Tuesday, February 21, 2012

Shadow of My Former Self

It's been a strange winter season. In previous years, I'd stop riding "sporty bikes" some time in December, and not start again till late March. Both winters, I would gain about 10lb over that period of relative inactivity, which I'd then easily lose before June. No big deal, and I expected the same to happen this time. Instead, when I took a break from roadcycling a few weeks ago, I began to lose weight. At first I was glad: looking slender instead of dumpy, what's not to like! Must be all that skating and walking.

But deep down I knew that it wasn't true. I was probably losing weight because I was losing the muscle mass I'd built up roadcycling. And that meant that once I did get back on the bike I would be weaker than when I'd left off. Considering that I am doing this in just over a month, that isn't good. Still, for a woman who has never been an athlete before it is very difficult to break the "weight loss = great!" association. I did not take my own sense of foreboding seriously enough.

...Until I emerged out of hibernation and went on a 12 mile ride in a strong headwind a few days ago. Yikes am I in trouble. Winded, legs hurting, just overall ridiculous. And it's been only weeks off the bike, with some half-hearted trainer attempts in the meantime.
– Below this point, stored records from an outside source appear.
Lemma ex_series_log1mexp (y b : R) : 0 < y -> 0 < b ->
  ex_series (fun n => log1mexp (y * (INR n + b))).
Proof.
  intros Hy Hb.
  assert (Hyb : 1 < exp (y * b)) by (rewrite <- exp_0; apply exp_increasing; nra).
  apply (ex_series_le (V := R_CompleteNormedModule) _ (fun n => / (exp (y * b) - 1) * exp (- y) ^ n)).
  - intros n. change norm with Rabs. assert (HI := pos_INR n).
    destruct (log1mexp_bounds (y * (INR n + b)) ltac:(nra)) as [Hlo Hhi].
    rewrite Rabs_left by lra.
    assert (Hn : 1 <= exp (y * INR n)) by (assert (H := exp_ineq1_le (y * INR n)); nra).
    rewrite <- exp_mul_INR, Ropp_mult_distr_l_reverse, exp_Ropp.
    assert (Hsplit : exp (y * (INR n + b)) = exp (y * b) * exp (y * INR n))
      by (rewrite <- exp_plus; f_equal; ring).
    rewrite Hsplit in Hlo.
    enough (/ (exp (y * b) * exp (y * INR n) - 1) <= / (exp (y * b) - 1) * / exp (y * INR n)) by lra.
    rewrite <- Rinv_mult. apply Rinv_le_contravar; nra.
  - apply (ex_series_scal_l (V := R_NormedModule)), ex_series_geom.
    assert (H := exp_opp_lt_1 y Hy). assert (H0 := exp_pos (- y)). rewrite Rabs_pos_eq; lra.
Qed.

Lemma qpoch_inf_eq_exp (q c d : R) : 0 < q < 1 -> 0 < c -> 0 < d ->
  qpoch_inf q c d = exp (Series (fun n => log1mexp (- (d * ln q) * (INR n + c / d)))).
Proof.
  intros Hq Hc Hd.
  assert (Hl : ln q < 0) by (rewrite <- ln_1; apply ln_increasing; lra).
  set (y := - (d * ln q)). assert (Hy : 0 < y) by (unfold y; nra).
  set (t := fun n => log1mexp (y * (INR n + c / d))).
  assert (Hfactor : forall n, 1 - Rpower q (c + d * INR n) = exp (t n)).
  { intros n. unfold t, log1mexp, Rpower. assert (HI := pos_INR n).
    replace ((c + d * INR n) * ln q) with (- (y * (INR n + c / d))) by (unfold y; field; lra).
    rewrite exp_ln; [reflexivity|].
    assert (0 < c / d) by (apply Rdiv_lt_0_compat; lra). enough (exp (- (y * (INR n + c / d))) < 1) by lra.
    apply exp_opp_lt_1. nra. }
  assert (Hpartial : forall N, qpoch_partial q c d (S N) = exp (sum_n t N)).
  { induction N as [|N IH].
    - change (qpoch_partial q c d 1) with (1 * (1 - Rpower q (c + d * INR 0))).
      rewrite sum_O, Hfactor. ring.
    - change (qpoch_partial q c d (S (S N)))
        with (qpoch_partial q c d (S N) * (1 - Rpower q (c + d * INR (S N)))).
      rewrite IH, sum_Sn, Hfactor, <- exp_plus. reflexivity. }
  assert (Hex : ex_series t) by (apply ex_series_log1mexp; [lra | apply Rdiv_lt_0_compat; lra]).
  assert (Hlim : is_lim_seq (fun N => qpoch_partial q c d (S N)) (exp (Series t))).
  { apply (is_lim_seq_ext (fun N => exp (sum_n t N))); [intros N; now rewrite Hpartial|].
    apply (is_lim_seq_continuous exp (sum_n t)); [apply derivable_continuous_pt, derivable_pt_exp|].
    exact (Series_correct _ Hex). }
  unfold qpoch_inf. now rewrite <- Lim_seq_incr_1, (is_lim_seq_unique _ _ Hlim).
Qed.

(** * The remainder and its duplication formula *)

Definition log1mexp_pair (x c t : R) : R := log1mexp (x * (c + t)) + log1mexp (x * (c + 1 - t)).

(* [log_prod b x] is [ln ((q^b; q)_oo (q^(1-b); q)_oo)] for [q = exp (- x)]. *)
Definition log_prod (b x : R) : R := Series (fun n => log1mexp_pair x (INR n) b).

Definition log_prod_rem (b x : R) : R := log_prod b x - ln (2 * sin (b * PI)) + PI ^ 2 / (3 * x).

Lemma ex_series_log1mexp_pair (x t : R) : 0 < x -> 0 < t < 1 ->
  ex_series (fun n => log1mexp_pair x (INR n) t).
Proof.
  intros Hx Ht. apply (ex_series_plus (V := R_NormedModule)).
  - apply ex_series_log1mexp; lra.
  - apply (ex_series_ext (fun n => log1mexp (x * (INR n + (1 - t))))).
    + intros n. unfold log1mexp. do 4 f_equal. ring.
    + apply ex_series_log1mexp; lra.
Qed.

Lemma log_prod_rem_sym (b x : R) : log_prod_rem (1 - b) x = log_prod_rem b x.
Proof.
  unfold log_prod_rem, log_prod.
  replace ((1 - b) * PI) with (PI - b * PI) by ring. rewrite sin_PI_x.
  do 2 f_equal. apply Series_ext. intros n. unfold log1mexp_pair.
  replace (INR n + 1 - (1 - b)) with (INR n + b) by ring.
  replace (INR n + (1 - b)) with (INR n + 1 - b) by ring. apply Rplus_comm.
Qed.

Lemma log_prod_dup (b x : R) : 0 < x -> 0 < b < 1 ->
  log_prod b x = log_prod (b / 2) (2 * x) + log_prod ((b + 1) / 2) (2 * x).
Proof.
  intros Hx Hb. unfold log_prod.
  rewrite <- Series_plus by (apply ex_series_log1mexp_pair; lra).
  symmetry. apply is_series_unique.
  apply (is_series_ext (fun n => log1mexp_pair x (INR (2 * n)) b + log1mexp_pair x (INR (S (2 * n))) b));
    [|apply (is_series_pair_sum (fun k => log1mexp_pair x (INR k) b)), Series_correct,
        ex_series_log1mexp_pair; lra].
  intros n. unfold log1mexp_pair. rewrite S_INR, mult_INR. simpl (INR 2).
  replace (2 * x * (INR n + b / 2)) with (x * ((1 + 1) * INR n + b)) by field.
  replace (2 * x * (INR n + 1 - b / 2)) with (x * ((1 + 1) * INR n + 1 + 1 - b)) by field.
  replace (2 * x * (INR n + (b + 1) / 2)) with (x * ((1 + 1) * INR n + 1 + b)) by field.
  replace (2 * x * (INR n + 1 - (b + 1) / 2)) with (x * ((1 + 1) * INR n + 1 - b)) by field.
  lra.
Qed.

Lemma log_prod_rem_dup (b x : R) : 0 < x -> 0 < b < 1 ->
  log_prod_rem b x = log_prod_rem (b / 2) (2 * x) + log_prod_rem ((b + 1) / 2) (2 * x).
Proof.
  intros Hx Hb. unfold log_prod_rem. rewrite (log_prod_dup b x Hx Hb).
  assert (HP := PI_RGT_0).
  assert (Hsin : 0 < sin (b / 2 * PI)) by (apply sin_gt_0; nra).
  assert (Hcos : sin ((b + 1) / 2 * PI) = cos (b / 2 * PI))
    by (rewrite cos_sin; f_equal; field).
  assert (Hcos0 : 0 < cos (b / 2 * PI)) by (apply cos_gt_0; nra).
  assert (Hdouble : sin (b * PI) = 2 * sin (b / 2 * PI) * cos (b / 2 * PI))
    by (rewrite <- sin_2a; f_equal; field).
  rewrite Hcos, Hdouble.
  replace (2 * (2 * sin (b / 2 * PI) * cos (b / 2 * PI)))
    with ((2 * sin (b / 2 * PI)) * (2 * cos (b / 2 * PI))) by ring.
  rewrite ln_mult by lra. field. lra.
Qed.

Definition second_diff_bounded (g : R -> R) (K : R) : Prop :=
  forall m h, 0 <= h -> 0 < m - h -> m + h < 1 ->
    Rabs (g (m + h) + g (m - h) - 2 * g m) <= K * h ^ 2.

Lemma second_diff_bounded_of_deriv2 (f f1 f2 : R -> R) (K : R) :
  (forall t, 0 < t < 1 -> is_derive f t (f1 t)) ->
  (forall t, 0 < t < 1 -> is_derive f1 t (f2 t)) ->
  (forall t, 0 < t < 1 -> Rabs (f2 t) <= K) -> second_diff_bounded f K.
Proof. intros Hf Hf1 HK m h. now apply (Rabs_second_diff_le f f1 f2 0 1). Qed.

Lemma second_diff_bounded_ext (f g : R -> R) (K : R) :
  (forall t, 0 < t < 1 -> f t = g t) -> second_diff_bounded f K -> second_diff_bounded g K.
Proof.
  intros Hfg Hf m h Hh H1 H2. rewrite <- !Hfg by lra. now apply Hf.
Qed.

Lemma second_diff_bounded_le (f : R -> R) (K K' : R) :
  K <= K' -> second_diff_bounded f K -> second_diff_bounded f K'.
Proof.
  intros HK Hf m h Hh H1 H2. specialize (Hf m h Hh H1 H2).
  assert (0 <= h ^ 2) by apply pow2_ge_0. nra.
Qed.

Lemma second_diff_bounded_ge0 (g : R -> R) (K : R) : second_diff_bounded g K -> 0 <= K.
Proof.
  intros Hg. specialize (Hg (1 / 2) (1 / 4) ltac:(lra) ltac:(lra) ltac:(lra)).
  assert (H := Rabs_pos (g (1 / 2 + 1 / 4) + g (1 / 2 - 1 / 4) - 2 * g (1 / 2))). nra.
Qed.

Lemma second_diff_bounded_plus (f g : R -> R) (Kf Kg : R) :
  second_diff_bounded f Kf -> second_diff_bounded g Kg ->
  second_diff_bounded (fun t => f t + g t) (Kf + Kg).
Proof.
  intros Hf Hg m h Hh H1 H2.
  replace (f (m + h) + g (m + h) + (f (m - h) + g (m - h)) - 2 * (f m + g m))
    with ((f (m + h) + f (m - h) - 2 * f m) + (g (m + h) + g (m - h) - 2 * g m)) by ring.
  eapply Rle_trans; [apply Rabs_triang|].
  specialize (Hf m h Hh H1 H2). specialize (Hg m h Hh H1 H2). lra.
Qed.

Lemma second_diff_bounded_const (c : R) : second_diff_bounded (fun _ => c) 0.
Proof.
  intros m h _ _ _. replace (c + c - 2 * c) with 0 by ring. rewrite Rabs_R0. lra.
Qed.

Lemma second_diff_bounded_series (g : nat -> R -> R) (Kn : nat -> R) (K : R) :
  (forall t, 0 < t < 1 -> ex_series (fun n => g n t)) ->
  (forall n, second_diff_bounded (g n) (Kn n)) -> is_series Kn K ->
  second_diff_bounded (fun t => Series (fun n => g n t)) K.
Proof.
  intros Hex Hg HK m h Hh H1 H2.
  set (d := fun n => g n (m + h) + g n (m - h) - 2 * g n m).
  assert (Hd : is_series d (Series (fun n => g n (m + h)) + Series (fun n => g n (m - h))
                           - 2 * Series (fun n => g n m))).
  { apply (is_series_minus (V := R_NormedModule)); [apply (is_series_plus (V := R_NormedModule))|].
    1, 2: apply Series_correct, Hex; lra.
    apply (is_series_scal_l (V := R_NormedModule)), Series_correct, Hex. lra. }
  assert (HKh : is_series (fun n => Kn n * h ^ 2) (K * h ^ 2)) by now apply is_series_scal_r.
  match goal with |- Rabs ?D <= _ =>
    apply (is_lim_seq_le (fun N => Rabs (sum_n d N)) (sum_n (fun n => Kn n * h ^ 2)) (Rabs D) (K * h ^ 2))
  end.
  - intros N. rewrite !sum_n_Reals. eapply Rle_trans; [apply sum_f_R0_triangle|].
    apply sum_growing. intros n. now apply Hg.
  - apply (is_lim_seq_abs _ (Finite _)), Hd.
  - exact HKh.
Qed.

Definition log1mexp_pair_d1 (y c t : R) : R :=
  y / (exp (y * (c + t)) - 1) - y / (exp (y * (c + 1 - t)) - 1).

Definition log1mexp_pair_d2 (y c t : R) : R :=
  - (y ^ 2 / (2 * sinh (y * (c + t) / 2)) ^ 2) - y ^ 2 / (2 * sinh (y * (c + 1 - t) / 2)) ^ 2.
(* Let $K$ be a field, $\kappa$ an infinite cardinal and $\mathcal R=(R_\alpha\mid\alpha<\kappa)$ a sequence of $K$-algebras. If $R_\alpha\in\mathfrak R_K$ for each $\alpha<\kappa$, then $R(\kappa,K,\mathcal R)\in\mathfrak R_K$.
   Context: $R(\kappa,K,\mathcal R)$ denotes the $K$-subalgebra $I\oplus1_P\cdot K$ of $P=\prod_{\alpha<\kappa}R_\alpha$, where $I=\bigoplus_{\alpha<\kappa}R_\alpha$. Socle sequence: $S_0=0$, $S_{\alpha+1}/S_\alpha=\mathrm{Soc}(R/S_\alpha)$, unions at limits; semiartinian of Loewy length $\sigma+1$ means $S_{\sigma+1}=R\neq S_\sigma$; layers $L_\alpha=S_{\alpha+1}/S_\alpha$. $K^{(\lambda)}$ is the direct sum of $\lambda$ copies of $K$ as a $K$-algebra without unit. $\mathfrak R_K$ is the class of commutative von Neumann regular semiartinian $K$-algebras $R$ of Loewy length $\sigma+1$ such that for each $\alpha\le\sigma$ there is a cardinal $\lambda_\alpha>0$ and a $K$-linear isomorphism of $K$-algebras without unit $L_\alpha\cong K^{(\lambda_\alpha)}$. *)

From HB Require Import structures.
From mathcomp Require Import all_boot all_algebra.
From mathcomp Require Import boolp classical_sets cardinality.
Set Implicit Arguments.
Unset Strict Implicit.
Unset Printing Implicit Defensive.
Import GRing.Theory.
Local Open Scope ring_scope.
Local Open Scope classical_set_scope.

(* (componentwise operations).  The index type is pointed only so that  *)
(* P can be given MathComp's (nontrivial) ring structure; the index set *)
(* of the theorem is infinite, hence inhabited, so this is harmless.    *)
Section DProd.
Variables (K : fieldType) (I : pointedType) (R : I -> algType K).

Definition dprod := forall i, R i.

HB.instance Definition _ := gen_eqMixin dprod.
HB.instance Definition _ := gen_choiceMixin dprod.

Definition dp_zero : dprod := fun i => 0.
Definition dp_opp (x : dprod) : dprod := fun i => - x i.
Definition dp_add (x y : dprod) : dprod := fun i => x i + y i.
Definition dp_one : dprod := fun i => 1.
Definition dp_mul (x y : dprod) : dprod := fun i => x i * y i.
Definition dp_scale (k : K) (x : dprod) : dprod := fun i => k *: x i.

Let fe := @functional_extensionality_dep.

Lemma dp_addA : associative dp_add.
Proof. by move=> x y z; apply: fe => i; rewrite /dp_add addrA. Qed.
Lemma dp_addC : commutative dp_add.
Proof. by move=> x y; apply: fe => i; rewrite /dp_add addrC. Qed.
Lemma dp_add0 : left_id dp_zero dp_add.
Proof. by move=> x; apply: fe => i; rewrite /dp_add add0r. Qed.
Lemma dp_addN : left_inverse dp_zero dp_opp dp_add.
Proof. by move=> x; apply: fe => i; rewrite /dp_add /dp_opp addNr. Qed.

HB.instance Definition _ :=
  GRing.isZmodule.Build dprod dp_addA dp_addC dp_add0 dp_addN.

Lemma dp_mulA : associative dp_mul.
Proof. by move=> x y z; apply: fe => i; rewrite /dp_mul mulrA. Qed.
Lemma dp_mul1 : left_id dp_one dp_mul.
Proof. by move=> x; apply: fe => i; rewrite /dp_mul mul1r. Qed.
Lemma dp_mulr1 : right_id dp_one dp_mul.
Proof. by move=> x; apply: fe => i; rewrite /dp_mul mulr1. Qed.
Lemma dp_mulDl : left_distributive dp_mul +%R.
Proof. by move=> x y z; apply: fe => i; rewrite /dp_mul mulrDl. Qed.
Lemma dp_mulDr : right_distributive dp_mul +%R.
Proof. by move=> x y z; apply: fe => i; rewrite /dp_mul mulrDr. Qed.
Lemma dp_one_neq0 : dp_one != 0.
Proof.
apply/eqP => /(congr1 (fun f : dprod => f point)).
by rewrite /dp_one => /eqP; rewrite oner_eq0.
Qed.

HB.instance Definition _ :=
  GRing.Zmodule_isNzRing.Build dprod dp_mulA dp_mul1 dp_mulr1
    dp_mulDl dp_mulDr dp_one_neq0.

Lemma dp_scaleA a b v : dp_scale a (dp_scale b v) = dp_scale (a * b) v.
Proof. by apply: fe => i; rewrite /dp_scale scalerA. Qed.
Lemma dp_scale1 : left_id 1 dp_scale.
Proof. by move=> x; apply: fe => i; rewrite /dp_scale scale1r. Qed.
Lemma dp_scaleDr : right_distributive dp_scale +%R.
Proof. by move=> a x y; apply: fe => i; rewrite /dp_scale scalerDr. Qed.
Lemma dp_scaleDl v : {morph dp_scale^~ v : a b / a + b}.
Proof. by move=> a b; apply: fe => i; rewrite /dp_scale scalerDl. Qed.

HB.instance Definition _ :=
  GRing.Zmodule_isLmodule.Build K dprod dp_scaleA dp_scale1 dp_scaleDr dp_scaleDl.

Lemma dp_scaleAl (a : K) (u v : dprod) : a *: (u * v) = (a *: u) * v.
Proof. by apply: fe => i; rewrite /GRing.scale /= /dp_scale /dp_mul scalerAl. Qed.

HB.instance Definition _ := GRing.Lmodule_isLalgebra.Build K dprod dp_scaleAl.

Lemma dp_scaleAr (a : K) (u v : dprod) : a *: (u * v) = u * (a *: v).
Proof. by apply: fe => i; rewrite /GRing.scale /= /dp_scale /dp_mul scalerAr. Qed.

HB.instance Definition _ := GRing.Lalgebra_isAlgebra.Build K dprod dp_scaleAr.

End DProd.

Definition Rkappa (K : fieldType) (I : pointedType) (R : I -> algType K)
  : set (dprod R) :=
  [set x | exists (k : K) (y : dprod R),
           finite_set [set i | y i != 0] /\ x = y + k *: 1].
Arguments Rkappa {K I} R _.

(* Ring-theoretic notions for a K-subalgebra S of an ambient K-algebra A *)
(* (a K-algebra R is treated as the subalgebra [set: R] of itself).      *)
Section Class.
Variables (K : fieldType) (A : algType K).

Definition is_subalgebra (S : set A) : Prop :=
  [/\ S 1, (forall x y, S x -> S y -> S (x + y)), (forall x, S x -> S (- x)),
      (forall x y, S x -> S y -> S (x * y)) &
      (forall (k : K) x, S x -> S (k *: x))].

Definition is_ideal (S J : set A) : Prop :=
  [/\ J `<=` S, J 0, (forall x y, J x -> J y -> J (x + y)),
      (forall x, J x -> J (- x)) &
      (forall s x, S s -> J x -> J (s * x) /\ J (x * s))].

(* M/J is a minimal (i.e. simple) ideal of S/J *)
Definition minimal_over (S J M : set A) : Prop :=
  [/\ is_ideal S M, J `<` M &
      forall N, is_ideal S N -> J `<=` N -> N `<=` M -> N = J \/ N = M].

(* socle_step S J = the ideal T of S containing J with T/J = Soc(S/J),  *)
(* Soc(S/J) being the sum of the minimal ideals of S/J.                 *)
Definition socle_step (S J : set A) : set A :=
  [set x | exists (j : A) (s : seq A),
     [/\ J j,
         (forall m, m \in s -> exists M, minimal_over S J M /\ M m) &
         x = j + \sum_(m <- s) m]].

Definition is_wellorder (O : Type) (lt : O -> O -> Prop) : Prop :=
  [/\ well_founded lt, (forall a b c, lt a b -> lt b c -> lt a c) &
      (forall a b, lt a b \/ a = b \/ lt b a)].

Definition is_succ (O : Type) (lt : O -> O -> Prop) (a b : O) : Prop :=
  lt a b /\ ~ (exists c, lt a c /\ lt c b).

Definition is_socle_sequence (S : set A) (O : Type) (lt : O -> O -> Prop)
    (Ssq : O -> set A) : Prop :=
  forall a,
    [/\ (forall b, ~ lt b a) -> Ssq a = [set 0],
        (forall b, is_succ lt b a -> Ssq a = socle_step S (Ssq b)) &
        ((exists b, lt b a) -> (forall b, ~ is_succ lt b a) ->
           Ssq a = \bigcup_(b in [set b | lt b a]) Ssq b)].

Definition finsupp (Lam : Type) (g : Lam -> K) : Prop :=
  finite_set [set l | g l != 0].

(* The layer Jb/Ja is isomorphic, as a K-algebra without unit, to K^(Lam) *)
(* for some nonempty Lam: there is a K-linear multiplicative map from Jb  *)
(* onto K^(Lam) whose kernel is Ja (Ja being contained in Jb).           *)
Definition layer_iso (Jb Ja : set A) : Prop :=
  exists (Lam : Type), inhabited Lam /\
  exists f : A -> Lam -> K,
    (forall x, Jb x -> finsupp (f x)) /\
    (forall x y, Jb x -> Jb y -> f (x + y) = (fun l => f x l + f y l)) /\
    (forall (k : K) x, Jb x -> f (k *: x) = (fun l => k * f x l)) /\
    (forall x y, Jb x -> Jb y -> f (x * y) = (fun l => f x l * f y l)) /\
    (forall g : Lam -> K, finsupp g -> exists2 x, Jb x & f x = g) /\
    (forall x, Jb x -> (f x = (fun _ => 0) <-> Ja x)).

(* The class frak R_K: commutative von Neumann regular semiartinian      *)
(* K-algebras of Loewy length sigma+1 all of whose layers L_a (a<=sigma) *)
(* are isomorphic to K^(lambda_a), lambda_a > 0.                        *)
Definition in_frakR (S : set A) : Prop :=
  [/\ is_subalgebra S,
      (forall x y, S x -> S y -> x * y = y * x),
      (forall x, S x -> exists2 y, S y & x = x * y * x) &
      exists (O : Type) (lt : O -> O -> Prop) (Ssq : O -> set A) (sigma top : O),
        is_wellorder lt /\ is_socle_sequence S lt Ssq /\
        is_succ lt sigma top /\ (forall a, a = top \/ lt a top) /\
        Ssq top = S /\ Ssq sigma <> S /\
        (forall a b, is_succ lt a b -> layer_iso (Ssq b) (Ssq a))].

End Class.

(* The socle sequence of an algebra is the transfinite tower of socle steps
   starting from 0, so membership in frak R_K says: the algebra is commutative
   and regular, its tower reaches it at a successor stage, and every layer is
   some K^(lambda) with lambda > 0.  Commutativity and regularity of
   R(kappa, K, R) hold coordinatewise.  Because kappa is infinite, every x in
   R(kappa, K, R) has a well defined scalar part k, with x - k 1 finitely
   supported.  By transfinite induction, each member of the tower of
   R(kappa, K, R) is a product ideal: the x with x_i in Y_i for all i, and with
   zero scalar part unless a flag c holds, where each Y_i is in the tower of
   R_i.  The socle step acts coordinatewise on the Y_i, and it turns the flag
   on once almost all Y_i contain 1: allowing scalar parts then gives a
   minimal ideal over the old product ideal.  Hence each layer is the direct
   sum of the layers of the R_i, plus at most one copy of K for the scalar
   part, so it is again some K^(lambda).  The tower stops only when every Y_i
   is all of R_i, that is, at R(kappa, K, R) itself. *)

From HB Require Import structures.
From mathcomp Require Import all_boot all_algebra.
From mathcomp Require Import boolp classical_sets cardinality.
Import GRing.Theory.
Local Open Scope ring_scope.
Local Open Scope classical_set_scope.

Set Implicit Arguments.
Unset Strict Implicit.
Unset Printing Implicit Defensive.

(** * Towers of iterates *)

Lemma sub_neq_proper T (A B : set T) : A `<=` B -> A <> B -> A `<` B.
Proof. by move=> AB neq; split => // BA; apply: neq; apply/seteqP. Qed.

Lemma proper_sub_neq T (A B : set T) : A `<` B -> A <> B.
Proof. by move=> [_ nBA] eAB; apply: nBA; rewrite eAB. Qed.

Lemma chain_finite_bound T (X : eqType) (F : set (set T)) (J0 : set T)
    (s : seq X) (p : X -> T) :
  (forall J J', F J -> F J' -> J `<=` J' \/ J' `<=` J) -> F J0 ->
  (forall i, i \in s -> exists2 J, F J & J (p i)) ->
  exists J, [/\ F J, J0 `<=` J & forall i, i \in s -> J (p i)].
Proof.
move=> chainF FJ0; elim: s => [|t s IH] ts; first by exists J0; split.
have [J [FJ J0J Js]] := IH (fun u us => ts u (mem_behead (s := t :: s) us)).
have [Jt FJt Jtt] := ts t (mem_head t s).
case: (chainF _ _ FJ FJt) => [JJt|JtJ].
- exists Jt; split => [//||u]; first exact: subset_trans J0J JJt.
  by rewrite in_cons => /orP[/eqP->//|/Js/JJt].
- by exists J; split => // u; rewrite in_cons => /orP[/eqP->|/Js//]; apply: JtJ.
Qed.

Section Tower.
Variables (T : Type) (base : set T) (step : set T -> set T).
Hypothesis step_infl : forall J, J `<=` step J.

Inductive tower : set T -> Prop :=
| tower_base : tower base
| tower_step J : tower J -> tower (step J)
| tower_bigcup (F : set (set T)) : F !=set0 -> F `<=` tower ->
    tower (\bigcup_(J in F) J).

Lemma base_sub_tower J : tower J -> base `<=` J.
Proof.
elim=> [//|J' _ IH|F [J0 FJ0] _ IH]; first exact: subset_trans IH (@step_infl J').
by move=> x /(IH _ FJ0) J0x; exists J0.
Qed.

(* Zorn-style proof that the tower is a chain: every member [c] is extreme, i.e.
   [step d <= c] for all members [d < c], and an extreme member is comparable
   with every member [d], indeed [d <= c] or [step c <= d]. *)
Let extreme c := forall d, tower d -> d `<` c -> step d `<=` c.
Let me tell you, I've never been so unhappy to fit into a smaller jeans size. I want my legs back!

33 comments:

  1. Great, I've suspended cycling a few weeks, too, concentrating on a walking program, while wondering how big a chance I was taking on losing training fitness for cycling. The walking has been great after a weak start and now I've really gotten strong and quicker at that. Also thinking that only gaining a few pounds was pretty decent tradeoff but sweating whether it would be at sacrifice at cycling fitness. Now, you've raised an ugly specter that it's muscle I've lost. Well, my bud's coming into town today from the Bay area with a new bike and so I'll find out how bad the news is when we do some rides together. I guess on the good side, you've prepared me for the jolt!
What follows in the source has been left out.